Sunday, January 31, 2010

The ethics of reporting in Haiti

To me, one of the most dynamic, engaging discussions in journalism revolves around ethics. Unfortunately, I don't think these discussions happen as often as they should. But with all the coverage coming from Haiti recently, I was glad to see a few articles tackle these issues.

In journalism ethics, there is a wide spectrum of beliefs that range from the very traditional views (Journalists should never be part of the story, ever, in any way, at all. Ever.) to newer, more "liberal" views (Journalists can be part of the story and still cover it with no problem whatsoever.) Then there are those views that fall somewhere in the middle (Journalists are humans first, journalists second. Give them a break!). I tend to fall in the middle, with a bit of a traditional slant. I feel the onset of citizen journalism and rising political/social involvement has begun to warp journalists' ethical framework. And it doesn't help that these discussions hardly ever occur.

So when I read Poynter's Jan. 22 article SPJ tells journalists in Haiti not to become part of the story, my interest was immediately sparked. The article address the Society of Professional Journalists' recent declaration in which the "SPJ cautions journalists to avoid making themselves part of the stories they are reporting." But what does that really mean? SPJ President Kevin Smith mentioned "advocacy, self promotion, offering favors for news and interviews, injecting oneself into the story or creating news events for coverage" as examples of failing to provide independent, objective newsgathering. Essentially, the group wants to remind journalists to "avoid blurring the lines between being a participant and being an objective observer."

One of my big projects during my undergrad examined this very issue, specifically citing the reporting on Hurricane Katrina at the height of the devastation. One particular issue involved reporters who were assisting in rescue efforts, inviting refugees onboard their boats, handing out water bottles and lending cell phones. To many, these seem like the most basic acts a person can do for another, but as journalists, is that going too far? Does this "blur the line between being a participant and being an objective observer"?

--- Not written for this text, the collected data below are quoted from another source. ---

(* Let $(A,\alpha_A)$ be a Hom-algebra and $(H,\alpha_H)$ a Hom-coalgebra (finite-dimensional, with bijective structure maps). Let $\varphi:{A^*}^{cop}\otimes H\to H\otimes{A^*}^{cop}$, $\varphi(f\otimes h)=\sum h^\varphi\otimes f^\varphi$, and $\Phi:H\otimes A\to A\otimes H$, $\Phi(h\otimes a)=\sum a_\Phi\otimes h^\Phi$, be linear maps corresponding to each other via $\sum f(a_\Phi)h^\Phi=\sum f^\varphi(a)h^\varphi$ for all $f\in A^*$, $a\in A$, $h\in H$ (this is a bijection between such linear maps). Then $\varphi$ is a Hom-cotwistor if and only if $(\alpha_A\otimes\alpha_H)\circ\Phi=\Phi\circ(\alpha_H\otimes\alpha_A)$ and, for all $a,b\in A$, $h\in H$: (E1) $(m_A\otimes\alpha_H)\big((\mathrm{id}_A\otimes\Phi)(\Phi\otimes\mathrm{id}_A)(h\otimes a\otimes b)\big)=\Phi(\alpha_H(h)\otimes ab)$, i.e. $\sum a_\Phi b_\Psi\otimes\alpha_H((h^\Phi)^\Psi)=\sum(ab)_\Phi\otimes\alpha_H(h)^\Phi$; (E2) $(\Phi\otimes\mathrm{id}_H)(\mathrm{id}_H\otimes\Phi)(\Delta_H(h)\otimes\alpha_A(a))=(\alpha_A\otimes\Delta_H)(\Phi(h\otimes a))$; (E3) $(\mathrm{id}_A\otimes\varepsilon_H)(\Phi(h\otimes a))=\varepsilon_H(h)a$; (E4) $\Phi(h\otimes1_A)=1_A\otimes h$.
   Context: $\Bbbk$ field of characteristic $0$; vector spaces finite-dimensional. Hom-algebra $(A,\mu,1_A,\alpha_A)$: $\alpha_A(a)(bc)=(ab)\alpha_A(c)$, $\alpha_A(1_A)=1_A$, $1_Aa=a1_A=\alpha_A(a)$; $m_A$ denotes multiplication. Hom-coalgebra $(C,\alpha,\Delta,\varepsilon)$: $\varepsilon\alpha=\varepsilon$, $\alpha(c_1)\otimes\Delta(c_2)=\Delta(c_1)\otimes\alpha(c_2)$, $\varepsilon(c_1)c_2=c_1\varepsilon(c_2)=\alpha(c)$. ${A^*}^{cop}$ is the Hom-coalgebra on $A^*$ with $\overline\varepsilon(f)=f(1_A)$, $\overline\Delta(f)\in A^*\otimes A^*\cong(A\otimes A)^*$ given by $\overline\Delta(f)(x\otimes y)=f(\alpha_A^{-2}(yx))$, and $\alpha_{{A^*}^{cop}}(f)=f\circ\alpha_A^{-1}$. For Hom-coalgebras $B,H$, a Hom-cotwistor is a linear $\varphi:B\otimes H\to H\otimes B$ with $\varphi\circ(\alpha_B\otimes\alpha_H)=(\alpha_H\otimes\alpha_B)\circ\varphi$ and (M1) $((\varphi\otimes\mathrm{id}_B)(\mathrm{id}_B\otimes\varphi))(\Delta_B(b)\otimes\alpha_H(h))=(\alpha_H\otimes\Delta_B)\varphi(b\otimes h)$; (M2) $((\mathrm{id}_H\otimes\varphi)(\varphi\otimes\mathrm{id}_H))(\alpha_B(b)\otimes\Delta_H(h))=(\Delta_H\otimes\alpha_B)\varphi(b\otimes h)$; (M3) $(\varepsilon_H\otimes\mathrm{id})\varphi(b\otimes h)=\varepsilon_H(h)b$; (M4) $(\mathrm{id}\otimes\varepsilon_B)\varphi(b\otimes h)=\varepsilon_B(b)h$ (here $B={A^*}^{cop}$). *)

(* Finite-dimensional K-vector spaces are modelled in
   coordinates: a space of dimension n is 'rV[K]_n.  The tensor product of
   'rV_n and 'rV_m is 'rV_(n*m), with u (x) v := mxvec (u^T *m v), so that
   the coordinate of u (x) v at mxvec_index i j is u_i * v_j.  Linear maps
   are given either as matrices (acting on the right) or as functions;
   f (x) g is always the linear extension from basis tensors. *)
From HB Require Import structures.
From mathcomp Require Import all_boot all_order all_algebra.
Set Implicit Arguments. Unset Strict Implicit. Unset Printing Implicit Defensive.
Import Order.TTheory GRing.Theory Num.Theory.
Local Open Scope ring_scope.
(** The slopes at [Zs] form a Cauchy sequence: two normalized solutions
    have a Wronskian of size [O(Yn M (-N))], while both grow at rate at
    least [s / 2] on [[-N, Zs]]. *)
Lemma slope_cauchy N M : - INR N <= Zs -> (N <= M)%nat ->
  Rabs (slope M - slope N) <= s / 2 * exp (- s * (Zs + INR N)).
Proof.
  intros HN HM. apply le_INR in HM.
  assert (Hk0 : 0 < s / 2) by lra. assert (Hk0s : s / 2 <= s) by lra.
  destruct (normalized_band _ Zs Hk0 Hk0s HZs N Zs ltac:(lra)) as [P1 [_ P3]].
  destruct (normalized_band _ Zs Hk0 Hk0s HZs M (- INR N) ltac:(lra)) as [Q1 [Q2 _]].
  destruct (band_invariance k (Yn M) (Vn M) s (s / 2) Zs (- INR N) (normalized_solves M)
              Hs Hk0 Hk0s HZs HN Q1 Q2 Zs ltac:(lra)) as [R1 [_ [R3 _]]].
  set (E := exp ((s - s / 2) * (Zs + INR N))).
  replace (Zs - - INR N) with (Zs + INR N) in R3 by ring. fold E in P3, R3.
  assert (HE : 0 < E) by apply exp_pos.
  assert (HEE : exp (- s * (Zs + INR N)) * (E * E) = 1).
  { unfold E. rewrite <- !exp_plus, <- exp_0. f_equal. field. }
  set (D := Vn N Zs * Yn M Zs - Vn M Zs * Yn N Zs).
  assert (HDb : Rabs D <= s / 2 * Yn M (- INR N)).
  { pose proof (wronskian_const k (Yn M) (Vn M) (Yn N) (Vn N) (normalized_solves M) (normalized_solves N) Zs (- INR N)) as Hc.
    unfold wronskian in Hc. destruct (normalized_data N) as [E1 E2].
    rewrite E1, E2 in Hc.
    replace D with (- (Vn M (- INR N) - s * Yn M (- INR N))) by (unfold D; lra).
    rewrite Rabs_Ropp. exact Q2. }
  replace (slope M - slope N) with (- D / (Yn N Zs * Yn M Zs)) by (unfold slope, D; field; lra).
  unfold Rdiv. rewrite Rabs_mult, Rabs_Ropp, Rabs_inv, Rabs_mult, (Rabs_right (Yn N Zs)), (Rabs_right (Yn M Zs)) by lra.
  apply (Rmult_le_reg_r (Yn N Zs * Yn M Zs)); [apply Rmult_lt_0_compat; lra|].
  rewrite Rmult_assoc, Rinv_l, Rmult_1_r by (apply Rgt_not_eq, Rmult_lt_0_compat; lra).
  assert (E * (Yn M (- INR N) * E) <= Yn N Zs * Yn M Zs) by (apply Rmult_le_compat; nra).
  assert (0 <= s / 2 * exp (- s * (Zs + INR N))) by (pose proof (exp_pos (- s * (Zs + INR N))); nra).
  apply (Rle_trans _ (s / 2 * exp (- s * (Zs + INR N)) * (E * (Yn M (- INR N) * E))));
    [| apply Rmult_le_compat_l; auto].
  replace (s / 2 * exp (- s * (Zs + INR N)) * (E * (Yn M (- INR N) * E)))
    with (s / 2 * Yn M (- INR N) * (exp (- s * (Zs + INR N)) * (E * E))) by ring.
  rewrite HEE. lra.
Qed.

Lemma slope_limit : exists sg N0, - INR N0 <= Zs /\ Un_cv (fun n => slope (N0 + n)) sg.
Proof.
  destruct (nat_ge (- Zs)) as [N0 HN0].
  destruct (cv_of_tail (fun n => slope (N0 + n)) (fun n => s / 2 * exp (- s * (Zs + INR N0 + INR n))))
    as [sg [Hsg _]].
  - apply exp_tail_null. lra.
  - intros m n Hmn. replace (Zs + INR N0 + INR n) with (Zs + INR (N0 + n)) by (rewrite plus_INR; ring).
    apply slope_cauchy; [rewrite plus_INR; pose proof (pos_INR n); lra| lia].
  - exists sg, N0. split; [lra| exact Hsg].
Qed.

Section LimitSolution.
Variables (p1 q1 p2 q2 : R -> R) (sg : R) (N0 : nat).
Hypotheses (SP1 : solves k p1 q1) (SP2 : solves k p2 q2)
  (P1a : p1 Zs = 1) (P1b : q1 Zs = 0) (P2a : p2 Zs = 0) (P2b : q2 Zs = 1)
  (HN0 : - INR N0 <= Zs) (Hsg : Un_cv (fun n => slope (N0 + n)) sg).

Lemma normalized_decomposition N x : (N0 <= N)%nat ->
  Yn N x / Yn N Zs = p1 x + slope N * p2 x /\ Vn N x / Yn N Zs = q1 x + slope N * q2 x.
Proof.
  intros HN. apply le_INR in HN.
  assert (HYp : 0 < Yn N Zs).
  { apply (normalized_band (s / 2) Zs ltac:(lra) ltac:(lra) HZs N Zs). lra. }
  assert (Sc : solves k (fun x => / Yn N Zs * Yn N x) (fun x => / Yn N Zs * Vn N x)).
  { destruct (normalized_solves N) as [H1 H2]. split; intros t.
    - apply derivable_pt_lim_scal, H1.
    - eapply derivable_pt_lim_eq; [apply derivable_pt_lim_scal, H2| ring]. }
  destruct (solves_unique k y1 v1 y2 v2 S1 S2 HW _ _ _ _ Sc (solves_add_scaled k p1 q1 p2 q2 (slope N) SP1 SP2) Zs)
    with (x := x) as [A B].
  - rewrite P1a, P2a. field. lra.
  - rewrite P1b, P2b. unfold slope. field. lra.
  - unfold Rdiv. rewrite !(Rmult_comm _ (/ Yn N Zs)). auto.
Qed.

The same goes for the situation in Haiti. If a reporter is assisting in aid efforts and becoming so emotionally invested, will it affect his/her ability to report the news?

I'm not going to pretend to know the answer. This situation is a very, very sticky one, and I can never know what it would be like to cover such devastation and tragedy. I can only imagine what these brave journalists are going through. My guess is many of them will never be the same when they come back. But I do think there is merit in what the SPJ is saying. It can't be easy, but I think our jobs as journalists are not easy — they are challenging and messy and extremely trying. And it has to be essential for those journalists to do their best to provide that objective account that only they can offer.

The SPJ certainly received some harsh criticism in reaction to these statements, but I applaud them for putting out that unpopular view. At a time when no one is thinking about the ethics of reporting in Haiti, and understandably so, it's of the utmost important to remind these professionals to keep it in mind.